Mon, 22 Jun 1992 10:08:03 GMT

Related articles |
---|

Are there any good examples of FIRST () and FOLLOW ()? cosc143u@rosie.uh.edu (1992-06-20) |

Re: Are there any good examples of FIRST () and FOLLOW ()? jos@and.nl (1992-06-22) |

Re: Are there any good examples of FIRST () and FOLLOW ()? andrewd@cs.adelaide.edu.au (1992-06-25) |

Re: Are there any good examples of FIRST () and FOLLOW ()? andrewd@cs.adelaide.edu.au (1992-06-29) |

Newsgroups: | comp.compilers |

From: | jos@and.nl (Jos Horsmeier) |

Keywords: | LL(1), question |

Organization: | AND Software BV Rotterdam |

References: | 92-06-100 |

Date: | Mon, 22 Jun 1992 10:08:03 GMT |

cosc143u@rosie.uh.edu (91F9774) writes:

|We are going over predictive parsers right now (we won't actually be using

|them for our project but have to know how to build them for the test). My

|book has two examples total on these subjects and I just can't seem to

|understand the FOLLOW () function.
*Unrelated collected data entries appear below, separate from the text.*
Lemma graded_mul b c (M N : mat) :
  graded b M -> graded c N -> graded (b (+) c) (M *m N).
Proof.
case: b; case: c => -[x [y ->]] [u [v ->]]; rewrite mulmx_quat.
- by exists (- (x * u) - y * v), (y * u - x * v); congr quat; ring.
- by exists (x * u - y * v), (x * v + y * u); congr quat; ring.
- by exists (x * u + y * v), (x * v - y * u); congr quat; ring.
- by exists (x * u - y * v), (x * v + y * u); congr quat; ring.
Qed.

Lemma graded1 b : graded b 1%:M -> b = false.
Proof.
by case: b => // -[q [s]]; rewrite -quat1 => /quat_inj [/eqP]; rewrite oner_eq0.
Qed.

Lemma mxtrace_graded_odd (M : mat) : graded true M -> \tr M = 0.
Proof. by case=> q [s ->]; rewrite mxtrace_quat mul0rn. Qed.

Lemma Pin2_graded (M : mat) : Pin2 M -> exists b, graded b M.
Proof.
case=> [/Spin2_quatP | /Spin2_minus_quatP] [u [v [-> _]]].
  by exists false, u, v.
by exists true, u, v.
Qed.

Lemma Pin2_graded_even (M : mat) : Pin2 M -> graded false M -> Spin2 M.
Proof.
case=> // /Spin2_minus_quatP [q [s [-> N]]] [p [r /quat_inj [_ q0 _ s0]]].
by move: N; rewrite q0 s0 expr0n /= addr0 => /eqP; rewrite eq_sym oner_eq0.
Qed.

Definition trace_condition (a b c d : R) (x y z : C) : Prop :=
  [/\ a = 0, b = 0, c = 0 & d = 0] \/
  ([/\ a = 0, b = 0, y = 0 & z = 0]
    \/ [/\ c = 0, d = 0, y = 0 & z = 0]
    \/ [/\ a = 0, c = 0, x = 0 & y = 0]
    \/ [/\ b = 0, d = 0, x = 0 & y = 0]
    \/ [/\ a = 0, d = 0, x = 0 & z = 0]
    \/ [/\ b = 0, c = 0, x = 0 & z = 0]).
(* (i) If the coin process satisfies $\overline H(\mathbf X)=\underline H(\mathbf X)=H(\mathbf X)>0$, then for every target process $\mathbf Y$, \[R^\star_{\mathrm{int}}(\mathbf X,\mathbf Y)=R^\star(\mathbf X,\mathbf Y)=\frac{\overline H(\mathbf Y)}{H(\mathbf X)}.\] (ii) If the target process satisfies $\overline H(\mathbf Y)=\underline H(\mathbf Y)=H(\mathbf Y)$ and the coin process satisfies $\underline H(\mathbf X)>0$, then \[R^\star_{\mathrm{int}}(\mathbf X,\mathbf Y)=R^\star(\mathbf X,\mathbf Y)=\frac{H(\mathbf Y)}{\underline H(\mathbf X)}.\]
   Context: Logarithms are base 2. $\mathcal X$, $\mathcal Y$ are finite; $\mathbf X=\{X^m\}$ (coin) and $\mathbf Y=\{Y^n\}$ (target) are arbitrary processes given by consistent distributions. $\overline H(\mathbf X)=\inf\{\lambda:\lim_n\Pr(\frac1n\log\frac{1}{P_{X^n}(X^n)}\ge\lambda)=0\}$, $\underline H(\mathbf X)=\sup\{\lambda:\lim_n\Pr(\frac1n\log\frac{1}{P_{X^n}(X^n)}\le\lambda)=0\}$, $H(\mathbf X)=\limsup_n\frac1nH(X^n)$; likewise for $\mathbf Y$ (when $\overline H=\underline H$ the limit defining $H$ exists and equals them). A random number generation algorithm for $Y^n$ is a map $\phi:\bigcup_{i\ge0}\mathcal X^i\to\{\bot\}\cup\mathcal Y^n$ whose leaves (finite $s$ with $\phi(s)\in\mathcal Y^n$ and $\phi(s')=\bot$ for all proper prefixes $s'$) satisfy $\sum_{\text{leaves }s:\phi(s)=y^n}P_{X^{|s|}}(s)=P_{Y^n}(y^n)$ for all $y^n$; its stopping time is the length of the leaf reached by $X_1,X_2,\dots$ ($\infty$ if none). For algorithms $\phi_n$ generating $Y^n$ with stopping times $T_n$, $R$ is achievable if $\lim_n\Pr(T_n>nR)=0$; $R^\star$ is the infimum achievable rate over all valid algorithms and $R^\star_{\mathrm{int}}$ that for the interval algorithm. Interval algorithm: with $\mathcal X=\{1,\dots,M\}$, $\mathcal I_\bot=[0,1)$, $\mathcal I_{sx}=[\underline\alpha_s+(\overline\alpha_s-\underline\alpha_s)\sum_{k<x}P_{X_{i+1}|X^i}(k|s),\ \underline\alpha_s+(\overline\alpha_s-\underline\alpha_s)\sum_{k\le x}P_{X_{i+1}|X^i}(k|s))$ for $s\in\mathcal X^i$ with $\mathcal I_s=[\underline\alpha_s,\overline\alpha_s)$; $\mathcal J_t$ for $t\in\mathcal Y^j$ likewise from $P_{Y_{j+1}|Y^j}$; stop at the first $m$ with $\mathcal I_{X^m}\subseteq\mathcal J_{y^n}$ for some $y^n$ and output that $y^n$. *)

From Stdlib Require Import Reals Lra Lia List Arith ZArith.
Import ListNotations.
Open Scope R_scope.

(** Alphabets are {0,...,M-1}; finite strings are [list nat]. *)
Definition valid (M : nat) (s : list nat) : Prop := Forall (fun a => (a < M)%nat) s.

Fixpoint words (M n : nat) : list (list nat) :=
  match n with
  | O => [ [] ]
  | S k => flat_map (fun w => map (fun a => w ++ [a]) (seq 0 M)) (words M k)
  end.

Definition sumR {A : Type} (f : A -> R) (l : list A) : R :=
  fold_right (fun x acc => f x + acc) 0 l.

Definition log2 (x : R) : R := ln x / ln 2.

(** A process = consistent family of distributions P_{X^n}, encoded as one
    function on finite strings: P s = P_{X^{|s|}}(s). *)
Definition is_process (M : nat) (P : list nat -> R) : Prop :=
  P [] = 1 /\
  (forall s, valid M s -> 0 <= P s) /\
  (forall s, valid M s -> sumR (fun a => P (s ++ [a])) (seq 0 M) = P s).
Definition equivariant (sg : Q -> A) : Prop :=
  forall a x, sg (la a x) = fmeet A a (sg x).

Definition reflexive : Prop :=
  frame_hom Q A ups /\
  (forall a, ups (la a (ftop Q)) = a) /\ (forall a, ups (ra (ftop Q) a) = a).

(* ---- the sup-lattice Q (x)_A Q, as the lattice of "A-balanced tensor
   ideals" of Q x Q (the standard presentation of the tensor product of
   sup-lattices, quotiented by x (x) (a |> y) = (x <| a) (x) y) ---- *)

Definition tideal (S : Q -> Q -> Prop) : Prop :=
  (forall x y x' y', S x y -> fle Q x' x -> fle Q y' y -> S x' y') /\
  (forall (P : Q -> Prop) y, (forall x, P x -> S x y) -> S (fsup Q P) y) /\
  (forall x (P : Q -> Prop), (forall y, P y -> S x y) -> S x (fsup Q P)) /\
  (forall x a y, S x (la a y) <-> S (ra x a) y).

Definition tint (C : (Q -> Q -> Prop) -> Prop) : Q -> Q -> Prop :=
  fun x y => forall R, C R -> tideal R -> R x y.

Lemma tint_ideal C : tideal (tint C).
Proof.
  unfold tideal, tint; split; [|split; [|split]].
  - intros x y x' y' H Hx Hy R HC HR.
    pose proof HR as HR'. destruct HR as [Hd _]. exact (Hd x y x' y' (H R HC HR') Hx Hy).
  - intros P y H R HC HR. pose proof HR as HR'.
    destruct HR as [_ [Hl _]]. apply Hl. intros x Px. exact (H x Px R HC HR').
  - intros x P H R HC HR. pose proof HR as HR'.
    destruct HR as [_ [_ [Hr _]]]. apply Hr. intros y Py. exact (H y Py R HC HR').
  - intros x a y; split; intros H R HC HR; pose proof HR as HR';
      destruct HR as [_ [_ [_ Ha]]]; apply Ha; exact (H R HC HR').
Qed.

Definition tcar : Type := { S : Q -> Q -> Prop | tideal S }.

Definition tmk (C : (Q -> Q -> Prop) -> Prop) : tcar :=
  exist _ (tint C) (tint_ideal C).

Definition tle (S T : tcar) : Prop :=
  forall x y, proj1_sig S x y -> proj1_sig T x y.

Definition tsup (F : tcar -> Prop) : tcar :=
  tmk (fun R => forall S, F S -> forall x y, proj1_sig S x y -> R x y).

Definition tmeet (S T : tcar) : tcar :=
  tmk (fun R => R = proj1_sig S \/ R = proj1_sig T).

Definition ttop : tcar := tmk (fun _ => False).

Definition tensor_frame : frame_ops := FrameOps tcar tle tsup tmeet ttop.

Definition tens (x y : Q) : tcar := tmk (fun R => R x y).

Definition mu_A (S : tcar) : Q :=
  fsup Q (fun z => exists x y, proj1_sig S x y /\ z = mul x y).

Definition mu_right (a : Q) : tcar := tsup (fun t => fle Q (mu_A t) a).

Definition multiplicative : Prop :=
  sup_pres Q tensor_frame mu_right.

Definition unit_laws : Prop :=
  forall a, fsup Q (fun z => exists x y, fle Q (mul x y) a /\ z = la (ups x) y) = a.

Definition inverse_law : Prop :=
  forall a, la (ups a) (ftop Q) =
            fsup Q (fun z => exists x y, fle Q (mul x (inv y)) a /\ z = fmeet Q x y).

Definition groupoid_quantale : Prop :=
  based_quantal_frame /\ multiplicative /\
  (exists sg, support sg /\ equivariant sg) /\
  reflexive /\ unit_laws /\ inverse_law.

Definition dstar (a : A) : Q := la a (ftop Q).
Definition rstar (a : A) : Q := inv (dstar a).          (* r^* = (d o i)^* = i^* o d^* *)
Definition pi1 (x : Q) : tcar := tens x (ftop Q).
Definition pi2 (y : Q) : tcar := tens (ftop Q) y.
Definition mstar (a : Q) : tcar :=
  tsup (fun t => exists x y, fle Q (mul x y) a /\ t = tens x y).

End Quantales.

(* (G2, p1, p2) is the pullback in Loc of r : G1 -> G0 (via p1) and
   d : G1 -> G0 (via p2); stated on frames: pushout in Frm. *)
Definition is_pullback (G0 G1 G2 : frame_ops) (rs ds : G0 -> G1) (p1 p2 : G1 -> G2) : Prop :=
  (forall a, p1 (rs a) = p2 (ds a)) /\
  forall (X : frame_ops), is_frame X ->
  forall (f g : G1 -> X), frame_hom G1 X f -> frame_hom G1 X g ->
  (forall a, f (rs a) = g (ds a)) ->
  exists h : G2 -> X, frame_hom G2 X h /\
    (forall q, h (p1 q) = f q) /\ (forall q, h (p2 q) = g q) /\
    (forall h' : G2 -> X, frame_hom G2 X h' ->
       (forall q, h' (p1 q) = f q) -> (forall q, h' (p2 q) = g q) ->
       forall t, h' t = h t).

(* Axioms involving composable
   pairs are stated on generalized elements X -> G1 (frame homs G1 -> X),
   pairings <x,y> : X -> G2 being the maps h with h o p1^* = x^*, h o p2^* = y^*. *)
Record localic_groupoid (G0 G1 G2 : frame_ops) (ds rs : G0 -> G1) (us : G1 -> G0)
    (is_ : G1 -> G1) (ms p1 p2 : G1 -> G2) : Prop := {
  lg_frame0 : is_frame G0;
  lg_frame1 : is_frame G1;
  lg_frame2 : is_frame G2;
  lg_hom_d : frame_hom G0 G1 ds;
  lg_hom_r : frame_hom G0 G1 rs;
  lg_hom_u : frame_hom G1 G0 us;
  lg_hom_i : frame_hom G1 G1 is_;
  lg_hom_m : frame_hom G1 G2 ms;
  lg_hom_p1 : frame_hom G1 G2 p1;
  lg_hom_p2 : frame_hom G1 G2 p2;
  lg_pullback : is_pullback G0 G1 G2 rs ds p1 p2;
  (* d o u = id, r o u = id, i o i = id, r = d o i *)
  lg_du : forall a, us (ds a) = a;
  lg_ru : forall a, us (rs a) = a;
  lg_ii : forall x, is_ (is_ x) = x;
  lg_di : forall a, is_ (ds a) = rs a;
  (* d o m = d o p1, r o m = r o p2 *)
  lg_dm : forall a, ms (ds a) = p1 (ds a);
  lg_rm : forall a, ms (rs a) = p2 (rs a);
  (* associativity: m(m(x,y),z) = m(x,m(y,z)) *)
  lg_assoc : forall X, is_frame X ->
    forall x y z : G1 -> X, frame_hom G1 X x -> frame_hom G1 X y -> frame_hom G1 X z ->
    forall h1 h2 h3 h4 : G2 -> X,
      frame_hom G2 X h1 -> frame_hom G2 X h2 -> frame_hom G2 X h3 -> frame_hom G2 X h4 ->
      (forall q, h1 (p1 q) = x q) -> (forall q, h1 (p2 q) = y q) ->
      (forall q, h2 (p1 q) = y q) -> (forall q, h2 (p2 q) = z q) ->
      (forall q, h3 (p1 q) = h1 (ms q)) -> (forall q, h3 (p2 q) = z q) ->
      (forall q, h4 (p1 q) = x q) -> (forall q, h4 (p2 q) = h2 (ms q)) ->
      forall q, h3 (ms q) = h4 (ms q);
  (* left unit: m(u(d x), x) = x *)
  lg_unit_l : forall X, is_frame X -> forall x : G1 -> X, frame_hom G1 X x ->
    forall h : G2 -> X, frame_hom G2 X h ->
      (forall q, h (p1 q) = x (ds (us q))) -> (forall q, h (p2 q) = x q) ->
      forall q, h (ms q) = x q;
  (* right unit: m(x, u(r x)) = x *)
  lg_unit_r : forall X, is_frame X -> forall x : G1 -> X, frame_hom G1 X x ->
    forall h : G2 -> X, frame_hom G2 X h ->
      (forall q, h (p1 q) = x q) -> (forall q, h (p2 q) = x (rs (us q))) ->
      forall q, h (ms q) = x q;
  (* m(x, i x) = u(d x) *)
  lg_inv_r : forall X, is_frame X -> forall x : G1 -> X, frame_hom G1 X x ->
    forall h : G2 -> X, frame_hom G2 X h ->
      (forall q, h (p1 q) = x q) -> (forall q, h (p2 q) = x (is_ q)) ->
      forall q, h (ms q) = x (ds (us q));
  (* m(i x, x) = u(r x) *)
  lg_inv_l : forall X, is_frame X -> forall x : G1 -> X, frame_hom G1 X x ->
    forall h : G2 -> X, frame_hom G2 X h ->
      (forall q, h (p1 q) = x (is_ q)) -> (forall q, h (p2 q) = x q) ->
      forall q, h (ms q) = x (rs (us q)) }.

Definition open_map (X Y : frame_ops) (fs : X -> Y) : Prop :=
  exists l : Y -> X,
    (forall y x, fle X (l y) x <-> fle Y y (fs x)) /\
    (forall y x, l (fmeet Y y (fs x)) = fmeet X (l y) x).

Definition open_localic_groupoid (G0 G1 G2 : frame_ops) (ds rs : G0 -> G1) (us : G1 -> G0)
    (is_ : G1 -> G1) (ms p1 p2 : G1 -> G2) : Prop :=
  localic_groupoid G0 G1 G2 ds rs us is_ ms p1 p2 /\ open_map G0 G1 ds.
Does anyone out there have a good

|explanation of the FOLLOW () function and how it is used in building the

|predictive parse table?

|Example:

| S->AB | epsilon

| A->aA

| | a

| B->bB'

| B'->BS | eps.

Allow me to quote from:

Compiler Construction

An advanced course

Edited by F.L. Bauer and J. Eickel

ISBN 0-387-08046-0

Chapter 2B by M. Griffiths p. 66:

An immediate follower matrix should be produced during the pass over the

grammar that produced the immediate starter matrix. This matrix needs

three fields, as is shown by the following example:

A -> B C D | E f

Immediate deductions are:

- C follows B

- if C -> epsilon then D follows B

- D follows C

- f follows E

There is, however, a further problem. Consider a rule containing A:

X -> Y A Z

Z follows A. But if we replace A by B C D, we obtain X -> Y B C D Z and Z

also follows D. Thus, the fact thaD is the last symbol of A needs to be

kept, since all followers of A are followers of D (and if D can generate

epsilon, the same is true for C, and so on.) The followers matrix has the

following form:

A B ... Z A B ... Z a b ... z

+----------+----------+----------+

A | | | |

B | | | |

. | | | |

. | | | |

Z | | | |

+----------+----------+----------+

In the first field (X, Y) = 1 iff X follows Y

In the second field (X, Y) = 1 iff the followes of X are followers of Y,

that is to say that Y is the last memmber of a production of X.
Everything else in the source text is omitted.